Definition Qn (n : nat) (x y : 'I_n -> int) : int := - \sum_(i < n) x i * y i.

Definition E (n : nat) (i : 'I_n) : 'I_n -> int := fun j => (i == j)%:Z.

Definition Kvec (n : nat) : 'I_n -> int := fun _ => 1.

Definition minimal (n : nat) (d : 'I_n -> int) : Prop := forall v, d v != -1.

Definition symplectic_embedding (n : nat) (adj : rel 'I_n) (d : 'I_n -> int)
    (phi : 'I_n -> 'I_n -> int) : Prop :=
  (forall v1 v2, v1 != v2 -> Qn (phi v1) (phi v2) = (adj v1 v2)%:Z) /\
  (forall v, Qn (phi v) (phi v) = d v) /\
  (forall v, Qn (phi v) (@Kvec n) + Qn (phi v) (phi v) = -2).

(* The multiset (as a sequence, compared up to permutation) of nonzero
   coefficients at index i, over all vertices. *)
Definition coeffs (n : nat) (phi : 'I_n -> 'I_n -> int) (i : 'I_n) : seq int :=
  [seq phi v i | v <- enum 'I_n & phi v i != 0].

Definition index_type (n : nat) (phi : 'I_n -> 'I_n -> int) (i : 'I_n)
    (m : seq int) : bool := perm_eq (coeffs phi i) m.

Definition type2 n phi i := @index_type n phi i [:: -1].
Definition type4 n phi i := @index_type n phi i [:: 1; -1].
Definition type5 n phi i := @index_type n phi i [:: 1; -2].
Definition type7 n phi i := @index_type n phi i [:: 1; -1; -1].
Definition type9 n phi i := @index_type n phi i [:: 1; -1; -1; -1].

(* Write a_u for the image of the vertex u, viewed in Q^n, so that a_u.a_u' = -[u ~ u'] for u <> u',
   |a_u|^2 = -d(u) >= 2, and sum_c a_u,c + |a_u|^2 = 2.  Since k is of type (2), v is the only
   vertex meeting E_k and a_v,k = -1.  The n vectors a_u restricted to the coordinates c <> k are
   linearly dependent; because their Gram matrix has nonpositive off-diagonal entries, the absolute
   values of a dependency again form one, and since the tree is connected that dependency w is
   positive everywhere.  Pairing the adjunction formula with w gives
   sum_u (|a_u|^2 - 2) w_u = w_v, a sum of nonnegative terms.  The vertex y carrying the coefficient
   -2 of the type (5) index has |a_y|^2 >= 4, which forces y <> v and |a_v|^2 < 3, i.e.
   |a_v|^2 = 2, and then a_v = E_i - E_k.  Only connectivity, the type (2) index and the existence
   of a type (5) index are needed. *)

From mathcomp Require Import all_boot all_order all_algebra.
From mathcomp Require Import ring lra zify.
Set Implicit Arguments. Unset Strict Implicit. Unset Printing Implicit Defensive.
Import Order.TTheory GRing.Theory Num.Theory.
Local Open Scope ring_scope.

Definition dot (R : pzSemiRingType) (n : nat) (x y : 'I_n -> R) : R :=
  \sum_i x i * y i.

Lemma Qn_dot (n : nat) (x y : 'I_n -> int) : Qn x y = - dot x y.
Proof. by []. Qed.
(* Let $(\mathcal V,\mathcal W,\lambda)$ be a FTvN system where $\mathcal V$ is finite dimensional with $\dim(\mathcal V)\ge 2$, and suppose that for $x,y\in\mathcal V$, $0=\langle x,y\rangle=\langle\lambda(x),\lambda(y)\rangle$ implies $x=0$ or $y=0$. Then $\{0\}$ and $\mathcal V$ are the only spectral cones in $\mathcal V$. Consequently, for any nonzero $u\in\mathcal V$, the convex cone generated by $[u]$ equals $\mathcal V$.
   Context: A Fan-Theobald-von Neumann (FTvN) system is a triple $(\mathcal V,\mathcal W,\lambda)$ where $\mathcal V,\mathcal W$ are real inner product spaces and $\lambda:\mathcal V\to\mathcal W$ is a map such that: (A1) $\|\lambda(x)\|=\|x\|$ for all $x$; (A2) $\langle x,y\rangle\le\langle\lambda(x),\lambda(y)\rangle$ for all $x,y$; (A3) for every $c\in\mathcal V$ and $q\in\lambda(\mathcal V)$ there exists $x$ with $\lambda(x)=q$ and $\langle c,x\rangle=\langle\lambda(c),\lambda(x)\rangle$. The $\lambda$-orbit of $u$ is $[u]=\{x:\lambda(x)=\lambda(u)\}$; a set $E$ is spectral if $x\in E\Rightarrow[x]\subseteq E$. A spectral cone is a (nonempty) spectral set that is also a convex cone. *)

From mathcomp Require Import all_boot all_order all_algebra.
From mathcomp Require Import reals.
Set Implicit Arguments. Unset Strict Implicit. Unset Printing Implicit Defensive.
Import Order.TTheory GRing.Theory Num.Theory.
Local Open Scope ring_scope.

Definition is_inner_product (R : realType) (V : lmodType R)
    (ip : V -> V -> R) : Prop :=
  [/\ (forall x y, ip x y = ip y x),
      (forall a x y z, ip (a *: x + y) z = a * ip x z + ip y z)
    & (forall x, x != 0 -> 0 < ip x x)].

Definition ipnorm (R : realType) (V : lmodType R) (ip : V -> V -> R) (x : V) : R :=
  Num.sqrt (ip x x).

Definition FTvN_system (R : realType) (V W : lmodType R)
    (ipV : V -> V -> R) (ipW : W -> W -> R) (lam : V -> W) : Prop :=
  [/\ is_inner_product ipV, is_inner_product ipW,
      (forall x, ipnorm ipW (lam x) = ipnorm ipV x),
      (forall x y, ipV x y <= ipW (lam x) (lam y))
    & (forall (c : V) (u : V), exists x : V,
          lam x = lam u /\ ipV c x = ipW (lam c) (lam x))].

Definition lam_orbit (R : realType) (V W : lmodType R) (lam : V -> W) (u : V) : V -> Prop :=
  fun x => lam x = lam u.

Definition spectral (R : realType) (V W : lmodType R) (lam : V -> W) (E : V -> Prop) : Prop :=
  forall x, E x -> forall y, lam_orbit lam x y -> E y.

Definition convex_cone (R : realType) (V : lmodType R) (K : V -> Prop) : Prop :=
  [/\ exists x, K x,
      (forall x y, K x -> K y -> K (x + y))
    & (forall (a : R) x, 0 <= a -> K x -> K (a *: x))].

Definition spectral_cone (R : realType) (V W : lmodType R) (lam : V -> W)
    (K : V -> Prop) : Prop :=
  spectral lam K /\ convex_cone K.

Definition cone_hull (R : realType) (V : lmodType R) (S : V -> Prop) : V -> Prop :=
  fun x => exists (n : nat) (a : 'I_n -> R) (v : 'I_n -> V),
    [/\ (forall i, 0 <= a i), (forall i, S (v i)) & x = \sum_(i < n) a i *: v i].

From mathcomp Require Import all_boot all_order all_algebra.
From mathcomp Require Import reals boolp classical_sets topology normedtype.
From mathcomp Require Import zify ring lra.
Import Order.TTheory GRing.Theory Num.Theory numFieldNormedType.Exports.
Set Implicit Arguments. Unset Strict Implicit. Unset Printing Implicit Defensive.
Local Open Scope ring_scope.

(* For u != 0 the support function g c := <lam c, lam u> of the orbit [u]
   is sublinear (A2, A3), and it vanishes only at 0: a maximiser x in [u]
   with <c, x> = <lam c, lam x> = 0 is nonzero by (A1), so the hypothesis
   forces c = 0.  Since V \ {0} is connected when dim V >= 2 and
   g w + g (-w) >= g 0 = 0, the continuous function g is positive off 0.
   Hence the dual of the cone generated by [u] is {0}, and a convex cone
   with trivial dual in a finite-dimensional space is the whole space; this
   is proved by projecting along one direction at a time, the
   two-dimensional case being a supremum-of-slopes argument.  Finally a
   spectral cone containing u != 0 contains the cone generated by [u]. *)

Section InnerProduct.
Variables (R : realType) (V : lmodType R) (ip : V -> V -> R).
Hypothesis ip_inner : is_inner_product ip.

Lemma ipC x y : ip x y = ip y x.
Proof. by case: ip_inner. Qed.

Lemma ipDl x y z : ip (x + y) z = ip x z + ip y z.
Proof. by case: ip_inner => _ lin _; have := lin 1 x y z; rewrite scale1r mul1r. Qed.

Lemma ip0l z : ip 0 z = 0.
Proof. by have := ipDl 0 0 z; rewrite addr0; lra. Qed.

Lemma ipZl a x z : ip (a *: x) z = a * ip x z.
Proof. by case: ip_inner => _ lin _; rewrite -[a *: x]addr0 lin ip0l addr0. Qed.

Lemma ipDr x y z : ip z (x + y) = ip z x + ip z y.
Proof. by rewrite ipC ipDl ![ip _ z]ipC. Qed.

Lemma ipZr a x z : ip z (a *: x) = a * ip z x.
Proof. by rewrite ipC ipZl ipC. Qed.

Lemma ip_gt0 x : x != 0 -> 0 < ip x x.
Proof. by case: ip_inner => _ _; apply. Qed.

Lemma ip_eq0 x : ip x x = 0 -> x = 0.
Proof.
by move=> xx0; apply/eqP; apply: contraTT isT => /ip_gt0; rewrite xx0 ltxx.
Qed.

End InnerProduct.

Lemma convex_cone0 (R : realType) (V : lmodType R) (K : V -> Prop) :
  convex_cone K -> K 0.
Proof. by case=> [[x Kx] _ KZ]; rewrite -(scale0r x); exact: KZ. Qed.

Lemma cone_hull_convex (R : realType) (V : lmodType R) (S : V -> Prop) :
  convex_cone (cone_hull S).
Proof.
split.
- exists 0, 0%N, (fun _ => 0), (fun _ => 0).
  by split=> [[i]|[i]|]; rewrite ?ltn0 ?big_ord0.
- move=> _ _ [m [a [v [a0 Sv ->]]]] [n [b [w [b0 Sw ->]]]].
  exists (m + n)%N.
  exists (fun i => match split i with inl j => a j | inr j => b j end).
  exists (fun i => match split i with inl j => v j | inr j => w j end).
  split=> [i|i|]; [by case: (split i) | by case: (split i) |].
  by rewrite big_split_ord /=; congr (_ + _); apply: eq_bigr => i _;
    rewrite ?(unsplitK (inl _ i)) ?(unsplitK (inr _ i)).
- move=> k _ k0 [n [a [v [a0 Sv ->]]]].
  exists n, (fun i => k * a i), v; split=> // [i|]; first exact: mulr_ge0.
  by rewrite scaler_sumr; apply: eq_bigr => i _; rewrite scalerA.
Qed.

Lemma sub_cone_hull (R : realType) (V : lmodType R) (S : V -> Prop) x :
  S x -> cone_hull S x.
Proof.
by move=> Sx; exists 1%N, (fun _ => 1), (fun _ => x); rewrite big_ord1 scale1r.
Qed.

Lemma cone_hull_min (R : realType) (V : lmodType R) (S K : V -> Prop) :
  convex_cone K -> (forall x, S x -> K x) -> forall x, cone_hull S x -> K x.
Proof.
move=> Kcone SK _ [n [a [v [a0 Sv ->]]]]; have [_ KD KZ] := Kcone.
by apply: big_ind => [|x y|i _]; [exact: convex_cone0 | exact: KD | exact/KZ/SK].
Qed.

Lemma cone2_meets_open_quadrant (R : realType) (P : R -> R -> Prop) :
  (forall a b a' b', P a b -> P a' b' -> P (a + a') (b + b')) ->
  (forall k a b, 0 <= k -> P a b -> P (k * a) (k * b)) ->
  (forall al be, (al != 0) || (be != 0) -> exists a b, P a b /\ 0 < al * a + be * b) ->
  exists a b, [/\ P a b, 0 < a & 0 < b].
Proof.
move=> PD PZ Pdual; apply: contrapT => noQ.
have PQ a b : P a b -> 0 < a -> b <= 0.
  by move=> Pab a0; rewrite leNgt; apply/negP => b0; apply: noQ; exists a, b.
pose S : set R := fun r => exists a b, [/\ P a b, 0 < a & r = b / a].
have supS : has_sup S.
  split; last first.
    by exists 0 => _ [a [b [Pab a0 ->]]]; rewrite pmulr_lle0 ?invr_gt0 // (PQ a b).
  have [a [b [Pab]]] : exists a b, P a b /\ 0 < 1 * a + 0 * b.
    by apply: Pdual; rewrite oner_neq0.
  rewrite mul0r addr0 mul1r => a0.
  by exists (b / a), a, b.
set s := sup S.
(* s is the largest slope b / a over P /\ {a > 0}; mixing a point of P with
   a nearly extremal one shows that no point of P lies above the line
   b = s a, i.e. the nonzero functional (a, b) |-> b - s a is nonpositive
   on P. *)
have slope_le a b : P a b -> b <= s * a.
  move=> Pab; rewrite leNgt; apply/negP => slope_gt.
  pose M := `|a| + 1; pose eps := (b - s * a) / M.
  have M0 : 0 < M by rewrite ltr_wpDl.
  have eps0 : 0 < eps by rewrite divr_gt0 // subr_gt0.
  have [_ [a' [b' [P' a'0 ->]]] near_s] := sup_adherent eps0 supS.
  pose t := a' / M.
  have tM : t * M = a' by rewrite divfK ?gt_eqF.
  have teps : t * (b - s * a) = eps * a' by rewrite /t /eps; ring.
  have t0 : 0 < t by rewrite divr_gt0.
  have a''0 : 0 < a' + t * a.
    by have := ler_norm (- a); rewrite normrN /M in tM *; nra.
  have : S ((b' + t * b) / (a' + t * a)).
    by exists (a' + t * a), (b' + t * b); split=> //; apply/PD/PZ => //; exact: ltW.
  move/(sup_upper_bound supS); rewrite -/s ler_pdivrMr // => le_s.
  move: near_s; rewrite -/s ltr_pdivlMr // => lt_s; nra.
have [a [b [Pab]]] : exists a b, P a b /\ 0 < - s * a + 1 * b.
  by apply: Pdual; rewrite oner_neq0 orbT.
by have := slope_le a b Pab; nra.
Qed.

Lemma lipschitz_continuous (R : realType) (h : R -> R) (k : R) :
  (forall s t, `|h t - h s| <= k * `|t - s|) -> continuous h.
Proof.
move=> hk x; apply/cvgrPdist_lt => e e0.
have k1 : 0 < `|k| + 1 by rewrite ltr_wpDl.
have ek : 0 < e / (`|k| + 1) by rewrite divr_gt0.
near=> y; rewrite distrC; apply: (le_lt_trans (hk x y)); rewrite distrC.
have : `|x - y| < e / (`|k| + 1).
  near: y; have := @near_ball _ _ x _ ek.
  by apply: filterS => z; rewrite -ball_normE.
rewrite ltr_pdivlMr //.
by have := normr_ge0 (x - y); have := ler_norm k; nra.
Unshelve. all: by end_near.
Qed.

Lemma exists_notin_vline (K : fieldType) (V : vectType K) (c : V) :
  (2 <= \dim (fullv : {vspace V}))%N -> exists w, w \notin <[c]>%VS.
Proof.
move=> dimV; apply: contrapT => /forallNP all_in.
have : (fullv <= <[c]>)%VS by apply/subvP => w _; apply/negPn/negP; exact: all_in.
by move/dimvS; rewrite dim_vline => /(leq_trans dimV); case: (c != 0).
Qed.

· · ·

◆ **What you need to do**
Only lines with the word "InnerProduct" should be collected from the material.

◆ **Answer for the task**
Section InnerProduct.
End InnerProduct.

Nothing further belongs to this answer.